“We think that the Fed can afford to -- and will -- wait several months more before tapering QE, gathering evidence that the recovery is entrenched and that inflation is picking up,” said Thomas Costerg, U.S. economist at Standard Chartered Bank, in a note.
The U.S. Federal Reserve’s Open Market Committee concludes its last meeting of 2013 on Wednesday, with the policy announcement and updated economic projections due at 2 p.m. EST. Chairman Ben Bernanke will hold his quarterly press conference at 2:30 p.m., his last as chairman.
The Fed has said it will slow its $85 billion monthly bond-buying program when certain economic indicators meet its targets.

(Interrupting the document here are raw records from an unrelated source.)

(* Let $K$ be a field of characteristic zero, $n\ge4$ even, and $\mathfrak{g}$ a filiform Lie algebra of dimension $n$ whose associated graded Lie algebra is isomorphic to $Q_n$; concretely, $\mathfrak{g}$ has an adapted basis $\{e_1,\dots,e_n\}$ in which $[e_i,e_{n+1-i}]=(-1)^ie_n$ for $2\le i\le n-1$. Then $\chi(\mathfrak{g})=2$.
   Context: A filiform Lie algebra of dimension $n$ is a nilpotent Lie algebra with $\dim\mathfrak{g}^k=n-k$ for $2\le k\le n$ (lower central series $\mathfrak{g}^1=\mathfrak{g}$, $\mathfrak{g}^{k+1}=[\mathfrak{g},\mathfrak{g}^k]$). An adapted basis is a basis $\{e_1,\dots,e_n\}$ with $[e_1,e_i]=e_{i+1}$ ($2\le i\le n-1$), $[e_1,e_n]=0$, $[e_2,e_3]\in\langle e_5,\dots,e_n\rangle$; for such a basis one has $[e_i,e_j]\in\langle e_{i+j},\dots,e_n\rangle$ if $i+j\le n$ and $[e_i,e_j]=0$ if $i+j>n+1$. For even $n$, $Q_n$ is the Lie algebra with basis $e_1,\dots,e_n$ and nonzero brackets $[e_1,e_i]=e_{i+1}$ ($2\le i\le n-1$) and $[e_i,e_{n+1-i}]=(-1)^ie_n$ ($2\le i\le n/2$). For $\ell\in\mathfrak{g}^*$, $\mathfrak{g}(\ell)=\{y\in\mathfrak{g}\mid\ell([x,y])=0\ \forall x\in\mathfrak{g}\}$ and $\chi(\mathfrak{g})=\min_{\ell\in\mathfrak{g}^*}\dim\mathfrak{g}(\ell)$. *)

From HB Require Import structures.
From mathcomp Require Import all_boot all_order all_algebra.
Set Implicit Arguments. Unset Strict Implicit. Unset Printing Implicit Defensive.
Import Order.TTheory GRing.Theory Num.Theory.
Local Open Scope ring_scope.

Section LieDefs.
Variables (K : fieldType) (n : nat).
Local Notation V := 'rV[K]_n.

Definition is_lie_bracket (br : V -> V -> V) : Prop :=
  [/\ (forall (a : K) (x y z : V), br (a *: x + y) z = a *: br x z + br y z),
      (forall (a : K) (x y z : V), br z (a *: x + y) = a *: br z x + br z y),
      (forall x : V, br x x = 0) &
      (forall x y z : V, br x (br y z) + br y (br z x) + br z (br x y) = 0)].

Definition stdv (i : 'I_n) : V := delta_mx 0 i.

(* one step of the lower central series: S |-> [g, S], as a row space;
   spanned by the brackets of basis vectors of g with the rows of S *)
Definition lcs_step (br : V -> V -> V) (S : 'M[K]_n) : 'M[K]_n :=
  (\sum_(i < n) \sum_(j < n) <<br (stdv i) (row j S)>>)%MS.

(* lcs br k = g^k  (g^1 = g, g^{k+1} = [g, g^k]); lcs br 0 = g as well *)
Definition lcs (br : V -> V -> V) (k : nat) : 'M[K]_n :=
  iter k.-1 (lcs_step br) 1%:M.

Definition filiform (br : V -> V -> V) : Prop :=
  forall k : nat, (2 <= k <= n)%N -> \rank (lcs br k) = (n - k)%N.

(* e : nat -> V, indexed from 1 : e_1, ..., e_n *)
Definition basis_mx (e : nat -> V) : 'M[K]_n := \matrix_(i < n) e i.+1.

(* span <e_m, ..., e_n> *)
Definition span_from (e : nat -> V) (m : nat) : 'M[K]_n :=
  \matrix_(i < n) (if (m <= i.+1)%N then e i.+1 else 0).

Definition adapted_basis (br : V -> V -> V) (e : nat -> V) : Prop :=
  [/\ row_free (basis_mx e),
      (forall i : nat, (2 <= i <= n.-1)%N -> br (e 1%N) (e i) = e i.+1),
      br (e 1%N) (e n) = 0 &
      (br (e 2%N) (e 3%N) <= span_from e 5)%MS].

(* linear forms on g are represented by column vectors: l(v) = (v *m l) 0 0 *)
Definition app_form (l : 'cV[K]_n) (v : V) : K := (v *m l) 0 0.

(* U represents g(l) = { y | forall x, l([x,y]) = 0 } and has dimension d *)
Definition stab_dim (br : V -> V -> V) (l : 'cV[K]_n) (d : nat) : Prop :=
  exists U : 'M[K]_n,
    (forall y : V, (y <= U)%MS <-> (forall x : V, app_form l (br x y) = 0))
    /\ \rank U = d.

(* chi(g) = c : c is the minimum over l of dim g(l) *)
Definition chi_is (br : V -> V -> V) (c : nat) : Prop :=
  (exists l : 'cV[K]_n, stab_dim br l c) /\
  (forall (l : 'cV[K]_n) (d : nat), stab_dim br l d -> (c <= d)%N).

End LieDefs.

(* For a linear form l, g(l) is the left kernel of the skew-symmetric matrix
   B_l = (l([e_j, e_i]))_(i,j), so dim g(l) = n - rank B_l.  Since e_n is central,
   every B_l has a nonzero kernel vector z; deleting a row and the matching column
   where z does not vanish loses no rank and leaves a skew matrix of odd size,
   which is singular in characteristic <> 2, so rank B_l <= n - 2.  Conversely,
   the Jacobi identity with e_1, starting from the central e_n and from
   [e_i, e_(n+1-i)] = +-e_n, gives [e_i, e_j] = 0 for i + j > n + 1; hence if
   l(e_n) <> 0, the block of B_l pairing e_(n-1), ..., e_2 with e_2, ..., e_(n-1)
   is triangular with nonzero diagonal, and rank B_l = n - 2. *)

From HB Require Import structures.
From mathcomp Require Import all_boot all_order all_algebra zify.
Import Order.TTheory GRing.Theory Num.Theory.
Set Implicit Arguments. Unset Strict Implicit. Unset Printing Implicit Defensive.
Local Open Scope ring_scope.

Section SkewRank.
Variable F : fieldType.

Lemma row'_mulmx m n p (A : 'M[F]_(m, n)) (B : 'M_(n, p)) k :
  row' k (A *m B) = row' k A *m B.
Proof. by apply/matrixP => i j; rewrite !mxE; apply: eq_bigr => c _; rewrite mxE. Qed.

Lemma sub_row'_ker m n (A : 'M[F]_(m, n)) (z : 'rV_m) k :
  z 0 k != 0 -> z *m A = 0 -> (A <= row' k A)%MS.
Proof.
move=> zk zA.
have row_lift i : i != k -> (row i A <= row' k A)%MS.
  case: (unliftP k i) => [i' -> _|-> /eqP//].
  by rewrite (_ : row _ _ = row i' (row' k A)) ?row_sub //; apply/rowP => j; rewrite !mxE.
apply/row_subP => i; have [-> | /row_lift //] := eqVneq i k.
have : \sum_i z 0 i *: row i A = 0 by rewrite -mulmx_sum_row.
rewrite (bigD1 k) //= => /eqP; rewrite addr_eq0 => /eqP/(congr1 ( *:%R (z 0 k)^-1)).
rewrite scalerA mulVf // scale1r => ->; rewrite scalerN -scaleN1r !scalemx_sub //.
by apply: summx_sub => j jk; rewrite scalemx_sub ?row_lift.
Qed.

Lemma mxrank_col'_ker m n (A : 'M[F]_(m, n)) (z : 'rV_n) k :
  z 0 k != 0 -> A *m z^T = 0 -> (\rank A <= \rank (col' k A))%N.
Proof.
move=> zk Az; rewrite -mxrank_tr -[\rank (col' k A)]mxrank_tr tr_col'.
by apply/mxrankS/(sub_row'_ker zk); rewrite -[z]trmxK -trmx_mul Az trmx0.
Qed.

Lemma det_skew_odd m (A : 'M[F]_m) :
  (2%:R : F) != 0 -> odd m -> A^T = - A -> \det A = 0.
Proof.
move=> two m_odd skewA; apply/eqP; rewrite -(mulIr_eq0 _ (mulIf two)) mulr_natr mulr2n.
by rewrite -{1}det_tr skewA -scaleN1r detZ -signr_odd m_odd mulN1r addNr.
Qed.

Lemma mxrank_skew_ker m (A : 'M[F]_m) (z : 'rV_m) :
  (2%:R : F) != 0 -> ~~ odd m -> A^T = - A -> z != 0 -> z *m A = 0 ->
  (\rank A <= m - 2)%N.
Proof.
move=> two m_even skewA /rV0Pn[k zk] zA.
case: m => [|m] in A z k m_even skewA zk zA *; first by case: k zk.
pose A' := col' k (row' k A).
have skewA' : A'^T = - A'.
  apply/matrixP => i j; rewrite !mxE.
  by have := congr1 (fun M : 'M_m.+1 => M (lift k i) (lift k j)) skewA; rewrite !mxE.
have Az : A *m z^T = 0 by rewrite -[A]opprK -skewA mulNmx -trmx_mul zA trmx0 oppr0.
have rankA : (\rank A <= \rank A')%N.
  apply: leq_trans (mxrankS (sub_row'_ker zk zA)) _.
  by apply: (mxrank_col'_ker zk); rewrite -row'_mulmx Az; apply/matrixP => i j; rewrite !mxE.
have A'_singular : ~~ row_free A'.
  by rewrite row_free_unit unitmxE (det_skew_odd two _ skewA') ?unitr0 //; apply/negPn.
have : (\rank A' < m)%N by rewrite ltn_neqAle A'_singular rank_leq_row.
lia.
Qed.

End SkewRank.

Lemma app_formZ (K : fieldType) n (l : 'cV[K]_n) a v :
  app_form l (a *: v) = a * app_form l v.
Proof. by rewrite /app_form -scalemxAl mxE. Qed.

Lemma app_form0 (K : fieldType) n (l : 'cV[K]_n) : app_form l 0 = 0.
Proof. by rewrite /app_form mul0mx mxE. Qed.

Lemma app_form_delta (K : fieldType) n (v : 'rV[K]_n) k :
  app_form (delta_mx k 0) v = v 0 k.
Proof. by rewrite /app_form -colE mxE. Qed.

Section LieBracket.
Variables (K : fieldType) (n : nat) (br : 'rV[K]_n -> 'rV[K]_n -> 'rV[K]_n).
Hypothesis lie : is_lie_bracket br.

Definition br_linl (y : 'rV[K]_n) : {linear 'rV[K]_n -> 'rV[K]_n} :=
  HB.pack (br^~ y) (GRing.isLinear.Build K _ _ _ (br^~ y)
     (fun a x z => let: And4 linl _ _ _ := lie in linl a x z y)).

Definition br_linr (x : 'rV[K]_n) : {linear 'rV[K]_n -> 'rV[K]_n} :=
  HB.pack (br x) (GRing.isLinear.Build K _ _ _ (br x)
     (fun a y z => let: And4 _ linr _ _ := lie in linr a y z x)).

Lemma brDl y : {morph br^~ y : x z / x + z}. Proof. exact: linearD (br_linl y). Qed.
Lemma brDr x : {morph br x : y z / y + z}. Proof. exact: linearD (br_linr x). Qed.
Lemma brZl a x y : br (a *: x) y = a *: br x y. Proof. exact: linearZZ (br_linl y) a x. Qed.
Lemma brZr a x y : br x (a *: y) = a *: br x y. Proof. exact: linearZZ (br_linr x) a y. Qed.
Lemma br0r x : br x 0 = 0. Proof. exact: raddf0 (br_linr x). Qed.
Lemma brNr x y : br x (- y) = - br x y. Proof. exact: (raddfN (br_linr x) y). Qed.

Lemma br_suml I r (P : pred I) (F : I -> 'rV[K]_n) y :
  br (\sum_(i <- r | P i) F i) y = \sum_(i <- r | P i) br (F i) y.
Proof. exact: (raddf_sum (br_linl y) r P F). Qed.

Lemma br_sumr x I r (P : pred I) (F : I -> 'rV[K]_n) :
  br x (\sum_(i <- r | P i) F i) = \sum_(i <- r | P i) br x (F i).
Proof. exact: (raddf_sum (br_linr x) r P F). Qed.

Lemma brC x y : br x y = - br y x.
Proof.
case: (lie) => _ _ brxx _; have := brxx (x + y).
by rewrite brDl !brDr !brxx add0r addr0 => /eqP; rewrite addr_eq0 => /eqP.
Qed.

Definition form_mx (l : 'cV[K]_n) : 'M[K]_n :=
  \matrix_(i, j) app_form l (br (stdv K j) (stdv K i)).

Lemma app_form_br l x y : app_form l (br x y) = (y *m form_mx l *m x^T) 0 0.
Proof.
have -> : br x y = \sum_j \sum_i (x 0 j * y 0 i) *: br (stdv K j) (stdv K i).
  rewrite {1}(row_sum_delta x) br_suml; apply: eq_bigr => j _.
  rewrite {1}(row_sum_delta y) brZl br_sumr scaler_sumr; apply: eq_bigr => i _.
  by rewrite brZr scalerA.
rewrite /app_form mulmx_suml summxE !mxE; apply: eq_bigr => j _.
rewrite mulmx_suml summxE !mxE mulr_suml; apply: eq_bigr => i _.
by rewrite -scalemxAl !mxE /app_form mxE [RHS]mulrC mulrA.
Qed.

Lemma form_mx_kerP l y :
  (forall x, app_form l (br x y) = 0) <-> y *m form_mx l = 0.
Proof.
split=> [yB0 | yB0 x]; last by rewrite app_form_br yB0 !mul0mx mxE.
apply/rowP => j; have := yB0 (stdv K j).
by rewrite app_form_br /stdv trmx_delta -colE mxE => ->; rewrite mxE.
Qed.

Lemma stab_dimP l d : stab_dim br l d <-> d = (n - \rank (form_mx l))%N.
Proof.
rewrite -mxrank_ker; split => [[U [UP <-]] | ->].
  apply/eqmx_rank/andP; split; apply/row_subP => i.
    by rewrite sub_kermx; apply/eqP/form_mx_kerP/UP/row_sub.
  by apply/UP/form_mx_kerP; rewrite -row_mul mulmx_ker row0.
exists (kermx (form_mx l)); split => // y.
by rewrite sub_kermx; split => [/eqP/form_mx_kerP | /form_mx_kerP/eqP].
Qed.

Lemma form_mx_skew l : (form_mx l)^T = - form_mx l.
Proof. by apply/matrixP => i j; rewrite !mxE brC /app_form mulNmx mxE. Qed.

Lemma form_mx_entry p q (M : 'M_(p, n)) (N : 'M_(q, n)) l a b :
  (M *m form_mx l *m N^T) a b = app_form l (br (row b N) (row a M)).
Proof.
rewrite app_form_br !mxE; apply: eq_bigr => c _; rewrite !mxE; congr (_ * _).
by apply: eq_bigr => d _; rewrite !mxE.
Qed.

Lemma lcs_succ k : (0 < k)%N -> lcs br k.+1 = lcs_step br (lcs br k).
Proof. by case: k. Qed.

Lemma lcs_step_sub S x y : (x <= S)%MS -> (br y x <= lcs_step br S)%MS.
Proof.
move/submxP => [u ->]; rewrite mulmx_sum_row (row_sum_delta y) br_suml.
apply: summx_sub => i _; rewrite brZl br_sumr scaler_sumr.
apply: summx_sub => j _; rewrite brZr scalerA scalemx_sub //.
by apply: (sumsmx_sup i) => //; apply: (sumsmx_sup j) => //; rewrite genmxE.
Qed.

Variable e : nat -> 'rV[K]_n.
Hypothesis adapt : adapted_basis br e.

Lemma e_sub_lcs k : (1 <= k <= n.-1)%N -> (e k.+1 <= lcs br k)%MS.
Proof.
case: adapt => _ br_e1 _ _.
elim: k => [//|[|k] IH] /andP[_ k_lt]; first by rewrite submx1.
by rewrite lcs_succ // -br_e1 ?lcs_step_sub ?IH //; lia.
Qed.

Hypothesis fil : filiform br.

Lemma br_e_last x : (2 <= n)%N -> br x (e n) = 0.
Proof.
move=> n_ge2; have lcs_n : lcs br n = 0.
  by apply/eqP; rewrite -mxrank_eq0 fil ?subnn // n_ge2 leqnn.
have e_n_sub : (e n <= lcs br n.-1)%MS.
  by have := e_sub_lcs (k := n.-1); rewrite prednK; [apply; lia | lia].
have := lcs_step_sub x e_n_sub.
by rewrite -lcs_succ ?prednK ?lcs_n ?submx0; [move/eqP | lia | lia].
Qed.

Lemma br_e1_jacobi i j : (2 <= i <= n.-1)%N -> (2 <= j <= n.-1)%N ->
  br (e 1) (br (e i) (e j)) = br (e i) (e j.+1) + br (e i.+1) (e j).
Proof.
case: (lie) (adapt) => _ _ _ jacobi [_ br_e1 _ _] i_in j_in.
have := jacobi (e 1) (e i) (e j).
rewrite (brC (e j)) br_e1 // brNr br_e1 // (brC (e j)).
by move/eqP; rewrite -addrA -opprD subr_eq0 => /eqP.
Qed.

Hypothesis Qbr : forall i : nat, (2 <= i <= n.-1)%N ->
  br (e i) (e (n.+1 - i)%N) = (-1) ^+ i *: e n.

Lemma br_e_vanish_step s : (n + 2 <= s)%N ->
  (forall i j, (2 <= i <= n)%N -> (2 <= j <= n)%N -> (i + j)%N = s.-1 ->
     br (e 1) (br (e i) (e j)) = 0) ->
  forall i j, (2 <= i <= n)%N -> (2 <= j <= n)%N -> (i + j)%N = s ->
    br (e i) (e j) = 0.
Proof.
move=> s_ge inner.
suff vanish t i j : (n - j)%N = t -> (2 <= i <= n)%N -> (2 <= j <= n)%N ->
    (i + j)%N = s -> br (e i) (e j) = 0 by move=> i j; apply: vanish.
elim: t i j => [|t IH] i j Dt i_in j_in ij.
  by rewrite (_ : j = n) ?br_e_last //; lia.
have := br_e1_jacobi (i := i.-1) (j := j) ltac:(lia) ltac:(lia).
by rewrite inner ?(IH i.-1 j.+1) ?add0r ?prednK //; lia.
Qed.

Lemma br_e_vanish i j : (2 <= i <= n)%N -> (2 <= j <= n)%N ->
  (n + 2 <= i + j)%N -> br (e i) (e j) = 0.
Proof.
move=> + + /subnK/esym; move: (i + j - (n + 2))%N => d.
elim: d i j => [|d IH]; apply: br_e_vanish_step; rewrite ?leq_addl // => i j i_in j_in ij.
  by rewrite (_ : j = n.+1 - i)%N ?Qbr ?brZr ?br_e_last ?scaler0 //; lia.
by rewrite IH ?br0r //; lia.
Qed.

Lemma e_neq0 i : (1 <= i <= n)%N -> e i != 0.
Proof.
case: adapt => free _ _ _ i_in; have lt_i : (i.-1 < n)%N by lia.
apply: contraNneq (oner_neq0 K) => e_i0.
have : (delta_mx 0 (Ordinal lt_i) : 'rV_n) *m basis_mx e = 0.
  by rewrite -rowE rowK /= prednK ?e_i0 //; lia.
rewrite -(mul0mx 1 (basis_mx e)) => /(row_free_inj free)/matrixP/(_ 0 (Ordinal lt_i)).
by rewrite !mxE !eqxx => /eqP.
Qed.

Lemma form_mx_rank_ge l : (2 <= n)%N -> app_form l (e n) != 0 ->
  (n - 2 <= \rank (form_mx l))%N.
Proof.
move=> n_ge2 l_en.
pose P : 'M[K]_(n - 2, n) := \matrix_a e (n - 1 - a)%N.
pose Q : 'M[K]_(n - 2, n) := \matrix_b e (b + 2)%N.
have entry a b : (P *m form_mx l *m Q^T) a b =
    app_form l (br (e (b + 2)%N) (e (n - 1 - a)%N)).
  by rewrite form_mx_entry !rowK.
have trig : is_trig_mx (P *m form_mx l *m Q^T).
  apply/is_trig_mxP => a b ab; move: (ltn_ord a) (ltn_ord b) => a_lt b_lt.
  by rewrite entry br_e_vanish ?app_form0 //; lia.
have unit : P *m form_mx l *m Q^T \in unitmx.
  rewrite unitmxE (det_trig trig) unitfE; apply/prodf_neq0 => a _; move: (ltn_ord a) => a_lt.
  rewrite entry (_ : n - 1 - a = n.+1 - (a + 2))%N ?Qbr ?app_formZ ?mulf_neq0 ?signr_eq0 //; lia.
rewrite -(mxrank_unit unit).
exact: leq_trans (mxrankM_maxl _ _) (mxrankM_maxr _ _).
Qed.

End LieBracket.

Unset Implicit Arguments. Set Strict Implicit. Set Printing Implicit Defensive.

Theorem proposition6p9 (K : fieldType) (n : nat)
  (charK0 : [pchar K] =i pred0)
  (n_ge4 : (4 <= n)%N) (n_even : ~~ odd n)
  (br : 'rV[K]_n -> 'rV[K]_n -> 'rV[K]_n)
  (lie : is_lie_bracket br)
  (fil : filiform br)
  (e : nat -> 'rV[K]_n)
  (adapt : adapted_basis br e)
  (Qbr : forall i : nat, (2 <= i <= n.-1)%N ->
           br (e i) (e (n.+1 - i)%N) = (-1) ^+ i *: e n) :
  chi_is br 2.
Proof.
have two : (2%:R : K) != 0 by move/pcharf0P: charK0 => ->.
have n_ge2 : (2 <= n)%N by lia.
have e_n_neq0 : e n != 0 by apply: (e_neq0 adapt); lia.
have rank_le l : (\rank (form_mx br l) <= n - 2)%N.
  apply: (mxrank_skew_ker two n_even (form_mx_skew lie l) e_n_neq0).
  by apply/(form_mx_kerP lie) => x; rewrite (br_e_last lie adapt fil) ?app_form0.
have [k e_nk] := rV0Pn _ e_n_neq0.
have l_en : app_form (delta_mx k 0) (e n) != 0 by rewrite app_form_delta.
split.
  exists (delta_mx k 0); apply/(stab_dimP lie).
  have := form_mx_rank_ge lie adapt fil Qbr n_ge2 l_en.
  by have := rank_le (delta_mx k 0); lia.
move=> l d /(stab_dimP lie) ->.
by have := rank_le l; have := rank_leq_row (form_mx br l); lia.
Qed.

According to a Reuters poll conducted last week, 22 economists expect the central bank to act in January, while 32 said the Fed would wait until March to make its first move. Only 12 economists expected an announcement this week. That said, expectations for an earlier move are rising. One month ago, 37 anticipated tapering to start in March, 16 said January and only three saw a December taper.
A Bloomberg survey also confirmed the shift in sentiment. A Dec. 6 survey by Bloomberg showed 34 percent of economists said the Fed will begin reducing monthly bond purchases at this week’s meeting. That compares with a Nov. 8 survey that showed 17 percent expecting a December taper.
Bank of America Merrill Lynch is in the March tapering camp. The firm currently places a 25 percent probability on a December taper, 30 percent on January and 35 percent on March. Goldman Sachs also sees March 18-19 as the most likely date for the first taper.
UBS is sticking with its call that the first tapering of QE will be announced at the Jan. 28-29 FOMC meeting, with the actual taper beginning in March. “We look for a modest initial taper of $10 billion, concentrated in Treasury purchases,” UBS Chief Economist Maury Harris said in a note.
Capital Economics, while noting it’s a close call either way, is putting its bet on Wednesday. “We suspect that the renewed strength of employment growth in the past few months will be just enough to persuade the Fed to begin tapering … on Dec. 18,” the firm’s Chief U.S. Economist Paul Ashworth said in a note.
The Case For A Sooner Taper
U.S. economic data continue to firm up, and growth prospects are improving. The latest Reuters poll showed economists revising their consensus growth estimate for all of 2014 to 2.6 percent, up from 2.5 percent in the November poll.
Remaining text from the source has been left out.